Singh has also ordered the suspension of five officers who were in
charge of the police in the area close to the Indian capital where
the horrendous crime took place over a period of two years.
"We have suspended two station officers and three sub-inspectors who
were posted at the police outpost and police stations concerned
while the present station officer has been transferred since he had
been there for only about two months," the director general of
police told IANS here.
"The probe will be carried out by an officer of the rank of
additional director general, who has been asked to submit his report
within a week," he said. "Once we have the report, action will
follow against other police officials."
The Noida police have come under all round attack following the
discovery of skeletons of children from a drain behind businessman
Moninder Singh's house
in Sector 31 of the upscale suburban town.
The skeletons are suspected to be of 38 children, mostly girls, who
went missing while playing near a water tank at Nithari, a
semi-rural village on the edges of Noida, over the past 21 months.
The first kidnapping was reported in March 2005.
Moninder Singh and his domestic help Surendra Kohli alias Satish
were arrested Friday on charges of molesting and murdering children.

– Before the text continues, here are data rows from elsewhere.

(* Let $\Sigma$ be a set, $1\le p<\infty$, and $d:\Sigma\times\Sigma\to\mathbb{R}$. Suppose $\alpha$ and $\beta$ are increasing functions $\Sigma^+\to\mathbb{R}$ such that $\alpha^p,\beta^p\in\Gamma(\Sigma)$, and let $D$ be the $\ell^p$ edit distance on $\Sigma^*$ extending $d$, $\alpha$ and $\beta$. Then $D$ is arbitrarily decomposable of order $p$.
   Context: $\Sigma^*$ is the free monoid on $\Sigma$ (finite words, concatenation, empty word $e$), $\Sigma^+=\Sigma^*\setminus\{e\}$. For $w=w_1\cdots w_n$ write $|w|=n$, $\bar w_k=w_1\cdots w_k$, $\bar w_0=e$. A word $u$ is a factor of $v$ if $v=xuy$ for some $x,y\in\Sigma^*$; $\mathfrak{F}(v)$ is the set of factors of $v$. A gap penalty over $\Sigma^+$ is a positive function $\gamma:\Sigma^+\to\mathbb{R}$ with $\gamma(u)+\gamma(v)\ge\gamma(uv)$ for all $u,v\in\Sigma^+$; $\Gamma(\Sigma)$ is the set of these. A function $\gamma$ is increasing if $\gamma(uxv)\ge\gamma(uv)$ for all $u,v,x\in\Sigma^*$. $\ell^p$ edit distance: for $x,y\in\Sigma^*$, $m=|x|$, $n=|y|$, define recursively $D(e,e)=0$, $D(e,\bar y_j)=\alpha(\bar y_j)$, $D(\bar x_i,e)=\beta(\bar x_i)$, and for $1\le i\le m$, $1\le j\le n$, \[D(\bar x_i,\bar y_j)=\Big(\min\Big\{D^p(\bar x_{i-1},\bar y_{j-1})+d^p(x_i,y_j),\ \min_{1\le k\le j}\{D^p(\bar x_i,\bar y_{j-k})+\alpha^p(y_{j-k+1}\cdots y_j)\},\ \min_{1\le k\le i}\{D^p(\bar x_{i-k},\bar y_j)+\beta^p(x_{i-k+1}\cdots x_i)\}\Big\}\Big)^{1/p},\] with $D(x,y)=D(\bar x_m,\bar y_n)$. A function $\rho:\Sigma^*\times\Sigma^*\to\mathbb{R}$ is arbitrarily decomposable of order $p$ if for all $x,y\in\Sigma^*$: (i) for every $y'\in\mathfrak{F}(y)$ there exist $x',x_1^*,x_2^*\in\mathfrak{F}(x)$ with $x=x_1^*x'x_2^*$ and $y_1^*,y_2^*,u,v\in\mathfrak{F}(y)$ with $y=y_1^*uy'vy_2^*$ and $\rho(x,y)\ge(\rho^p(x_1^*,y_1^* )+\rho^p(x',y')+\rho^p(x_2^*,y_2^* ))^{1/p}$; and (ii) for every $x'\in\mathfrak{F}(x)$ there exist $y',y_1^*,y_2^*\in\mathfrak{F}(y)$ with $y=y_1^*y'y_2^*$ and $x_1^*,x_2^*,u,v\in\mathfrak{F}(x)$ with $x=x_1^*ux'vx_2^*$ and $\rho(x,y)\ge(\rho^p(x_1^*,y_1^* )+\rho^p(x',y')+\rho^p(x_2^*,y_2^* ))^{1/p}$. *)

From HB Require Import structures.
From mathcomp Require Import all_boot all_order all_algebra.
From mathcomp Require Import all_classical all_reals all_analysis.
Set Implicit Arguments. Unset Strict Implicit. Unset Printing Implicit Defensive.
Import Order.TTheory GRing.Theory Num.Theory.
Local Open Scope ring_scope.

Section EditDistance.
Context {R : realType} {Sigma : Type}.

(* Real power x^r.  For x >= 0 this is the usual x^r (powR);
   for x < 0 we use the odd (sign-preserving) extension -( (-x)^r ),
   so that for r = 1 it is the identity on all of R. *)
Definition ppow (r x : R) : R :=
  if 0 <= x then powR x r else - powR (- x) r.

Definition factor (u v : seq Sigma) : Prop := exists a b, v = a ++ u ++ b.

(* gap penalty over Sigma^+ (values at the empty word are irrelevant) *)
Definition is_gap_penalty (g : seq Sigma -> R) : Prop :=
  (forall u, u <> [::] -> 0 < g u) /\
  (forall u v, u <> [::] -> v <> [::] -> g (u ++ v) <= g u + g v).

Definition increasing_gap (g : seq Sigma -> R) : Prop :=
  forall u v x, u ++ v <> [::] -> g (u ++ v) <= g (u ++ x ++ v).

(* The l^p edit distance, via its recursion on prefixes.
   For x = x_1..x_m, y = y_1..y_n (both nonempty):
   D(x,y) = ( min { D^p(x_1..x_{m-1}, y_1..y_{n-1}) + d^p(x_m,y_n),
                    min_{1<=k<=n} D^p(x, y_1..y_{n-k}) + alpha^p(y_{n-k+1}..y_n),
                    min_{1<=k<=m} D^p(x_1..x_{m-k}, y) + beta^p(x_{m-k+1}..x_m) } )^(1/p).
   [fuel] only ensures termination; it is always sufficient below. *)
Fixpoint lp_edit_aux (p : R) (d : Sigma -> Sigma -> R) (alpha beta : seq Sigma -> R)
    (fuel : nat) (x y : seq Sigma) : R :=
  match fuel with
  | 0%N => 0
  | S f =>
    match x, y with
    | [::], [::] => 0
    | [::], _ => alpha y
    | _, [::] => beta x
    | a :: x', b :: y' =>
      let m := size x in let n := size y in
      let Dp u v := ppow p (lp_edit_aux p d alpha beta f u v) in
      let c1 := Dp (take m.-1 x) (take n.-1 y) + ppow p (d (last a x') (last b y')) in
      let c2 := [seq Dp x (take (n - k) y) + ppow p (alpha (drop (n - k) y))
                | k <- iota 1 n] in
      let c3 := [seq Dp (take (m - k) x) y + ppow p (beta (drop (m - k) x))
                | k <- iota 1 m] in
      ppow (1 / p) (foldr Num.min c1 (c2 ++ c3))
    end
  end.

Definition lp_edit (p : R) (d : Sigma -> Sigma -> R) (alpha beta : seq Sigma -> R)
    (x y : seq Sigma) : R :=
  lp_edit_aux p d alpha beta (size x + size y).+1 x y.

Definition arb_decomposable (p : R) (rho : seq Sigma -> seq Sigma -> R) : Prop :=
  forall x y : seq Sigma,
    (forall y', factor y' y ->
       exists x' x1 x2 y1 y2 u v,
         [/\ factor x' x, factor x1 x, factor x2 x & x = x1 ++ x' ++ x2] /\
         [/\ factor y1 y, factor y2 y, factor u y, factor v y &
             y = y1 ++ u ++ y' ++ v ++ y2] /\
         ppow (1 / p) (ppow p (rho x1 y1) + ppow p (rho x' y') + ppow p (rho x2 y2))
           <= rho x y) /\
    (forall x', factor x' x ->
       exists y' y1 y2 x1 x2 u v,
         [/\ factor y' y, factor y1 y, factor y2 y & y = y1 ++ y' ++ y2] /\
         [/\ factor x1 x, factor x2 x, factor u x, factor v x &
             x = x1 ++ u ++ x' ++ v ++ x2] /\
         ppow (1 / p) (ppow p (rho x1 y1) + ppow p (rho x' y') + ppow p (rho x2 y2))
           <= rho x y).

End EditDistance.

From Pilot Require Import Defs.
From HB Require Import structures.
From mathcomp Require Import all_boot all_order all_algebra.
From mathcomp Require Import all_classical all_reals all_analysis.
From mathcomp Require Import lra zify.
Import Order.TTheory GRing.Theory Num.Theory.
Local Open Scope ring_scope.

Set Implicit Arguments. Unset Strict Implicit. Unset Printing Implicit Defensive.

(* Write E = D^p.  On nonempty words E is the minimum of the three candidates of its
   recursion, so every candidate bounds E from above and some candidate attains it.
   From these facts alone, by induction on |x| + |y|: for every cut y = ya yb there is a
   cut x = xa xb with E(xa, ya') + E(xb, yb) <= E(x, y) for some prefix ya' of ya, and
   symmetrically one keeping ya whole and shortening yb to a suffix.  When the gap ending
   an optimal alignment straddles the cut, it is charged to the side kept whole; this is
   where monotonicity of the gap penalties enters, while subadditivity extends the
   candidate bounds to the empty word.  Cutting y = y1 y' y2 twice decomposes along y',
   and exchanging the roles of x and y (and of alpha and beta) decomposes along a factor
   of x. *)

Section SignedPower.
Variable R : realType.

Lemma ppowK (r s : R) : r * s = 1 -> cancel (ppow r) (ppow s).
Proof.
move=> rs z; rewrite /ppow; case: (leP 0 z) => [z0|z_lt0].
  by rewrite powR_ge0 -powRrM rs powRr1.
rewrite lt_geF ?oppr_lt0 ?powR_gt0 ?oppr_gt0 //.
by rewrite opprK -powRrM rs powRr1 ?opprK // oppr_ge0 ltW.
Qed.

Lemma ppow0 (r : R) : r != 0 -> ppow r 0 = 0.
Proof. by move=> r_neq0; rewrite /ppow lexx powR0. Qed.

Lemma ler_ppow (r x y : R) : 0 <= r -> x <= y -> ppow r x <= ppow r y.
Proof.
move=> r0 xy; rewrite /ppow; case: (leP 0 x) => [x0|x_lt0]; case: (leP 0 y) => [y0|y_lt0].
- exact: ge0_ler_powR.
- by have := lt_le_trans y_lt0 (le_trans x0 xy); rewrite ltxx.
- by rewrite (@le_trans _ _ 0) ?oppr_le0 ?powR_ge0.
- by rewrite lerN2 ge0_ler_powR ?nnegrE ?oppr_ge0 ?lerN2 // ltW.
Qed.

Lemma ppow_invr_le (p z w : R) : 0 < p -> z <= ppow p w -> ppow (1 / p) z <= w.
Proof.
move=> p_gt0 zw; rewrite -[w in _ <= w](@ppowK p (1 / p)); last first.
  by rewrite mul1r mulfV ?gt_eqF.
by rewrite ler_ppow // divr_ge0 // ltW.
Qed.

End SignedPower.

Section Words.
Variable T : Type.
Implicit Types s u v w : seq T.

Lemma nil_or_not_nil s : s = [::] \/ s <> [::].
Proof. by case: s; [left | right]. Qed.

Lemma catr_neq_nil u v : v <> [::] -> u ++ v <> [::].
Proof. by case: u => // _ ->. Qed.

Lemma size_gt0_neq_nil s : s <> [::] -> (0 < size s)%N.
Proof. by case: s. Qed.

Lemma drop_neq_nil n s : (n < size s)%N -> drop n s <> [::].
Proof. by move=> n_lt e; move: (size_drop n s); rewrite e /=; lia. Qed.

Lemma take_size_belast (a : T) s : take (size s) (a :: s) = belast a s.
Proof. by rewrite lastI -cats1 take_size_cat // size_belast. Qed.

Lemma rcons_eq_cons s (a h : T) tl : rcons s a = h :: tl -> belast h tl = s /\ last h tl = a.
Proof. by rewrite lastI => /rcons_inj[-> ->]. Qed.

Lemma cat_eq_catP (a b c e : seq T) : a ++ b = c ++ e ->
  (exists m, b = m ++ e /\ c = a ++ m) \/
  (exists w, [/\ w <> [::], a = c ++ w & e = w ++ b]).
Proof.
elim: a c => [|h a IH] [|h' c] //=.
- by move=> ->; left; exists [::].
- by move=> ->; left; exists (h' :: c).
- by move=> <-; right; exists (h :: a).
case=> <- /IH [[m [-> ->]]|[w [w_neq -> ->]]].
- by left; exists m.
- by right; exists w.
Qed.

Lemma factor_cat3 u v w : let s := u ++ v ++ w in
  [/\ Defs.factor v s, Defs.factor u s & Defs.factor w s].
Proof.
split; first by exists u, w.
- by exists [::], (v ++ w).
- by exists (u ++ v), [::]; rewrite cats0 catA.
Qed.

Lemma factor_cat5 (a b c e f : seq T) : let s := a ++ b ++ c ++ e ++ f in
  [/\ Defs.factor a s, Defs.factor f s, Defs.factor b s & Defs.factor e s].
Proof.
split; first by exists [::], (b ++ c ++ e ++ f).
- by exists (a ++ b ++ c ++ e), [::]; rewrite cats0 !catA.
- by exists a, (c ++ e ++ f).
- by exists (a ++ b ++ c), f; rewrite !catA.
Qed.

Variable R : realType.

Lemma increasing_gap_catl (g : seq T -> R) w u :
  increasing_gap g -> u <> [::] -> g u <= g (w ++ u).
Proof. by move=> g_incr u_neq; apply: (g_incr [::]). Qed.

Bua Singh admitted his men had failed to investigate the crime
properly. Parents of the victims, who all came from poor families,
alleged that the Noida police were indifferent to their pleas for a
thorough investigation.
"There is no denying that this was a case of gross laxity,
negligence and failure on the part of some policemen who did not pay
the desired attention to repeated reports of missing children from
the area. Those found guilty of neglect will be severely punished,"
Bua Singh said.
He, however, felt that the media was undermining the efforts of the
police by highlighting only their failures.
"The fact remains that if the police had eventually not acted, the
killings would have continued," he pointed out.
"After all, it was on account of our electronic surveillance that we
could track down the killer who was using a mobile belonging to one
of the victims.
"What surprises me that even as body after body was being dumped in
a drain running between the area and village, no one ever complained
of the stench that was bound to be emanating from the place."
He denied that parents of some of the victims had alerted the police
about the involvement of now arrested Surendra in the heinous crime.
"No one ever raised doubts about Surendra whom we arrested only
because of our electronic surveillance."
About the possibility of the killings being a part of organ trading
racket, Singh said: "We do not rule out anything. I am sure
everything will be in place once the probe is complete."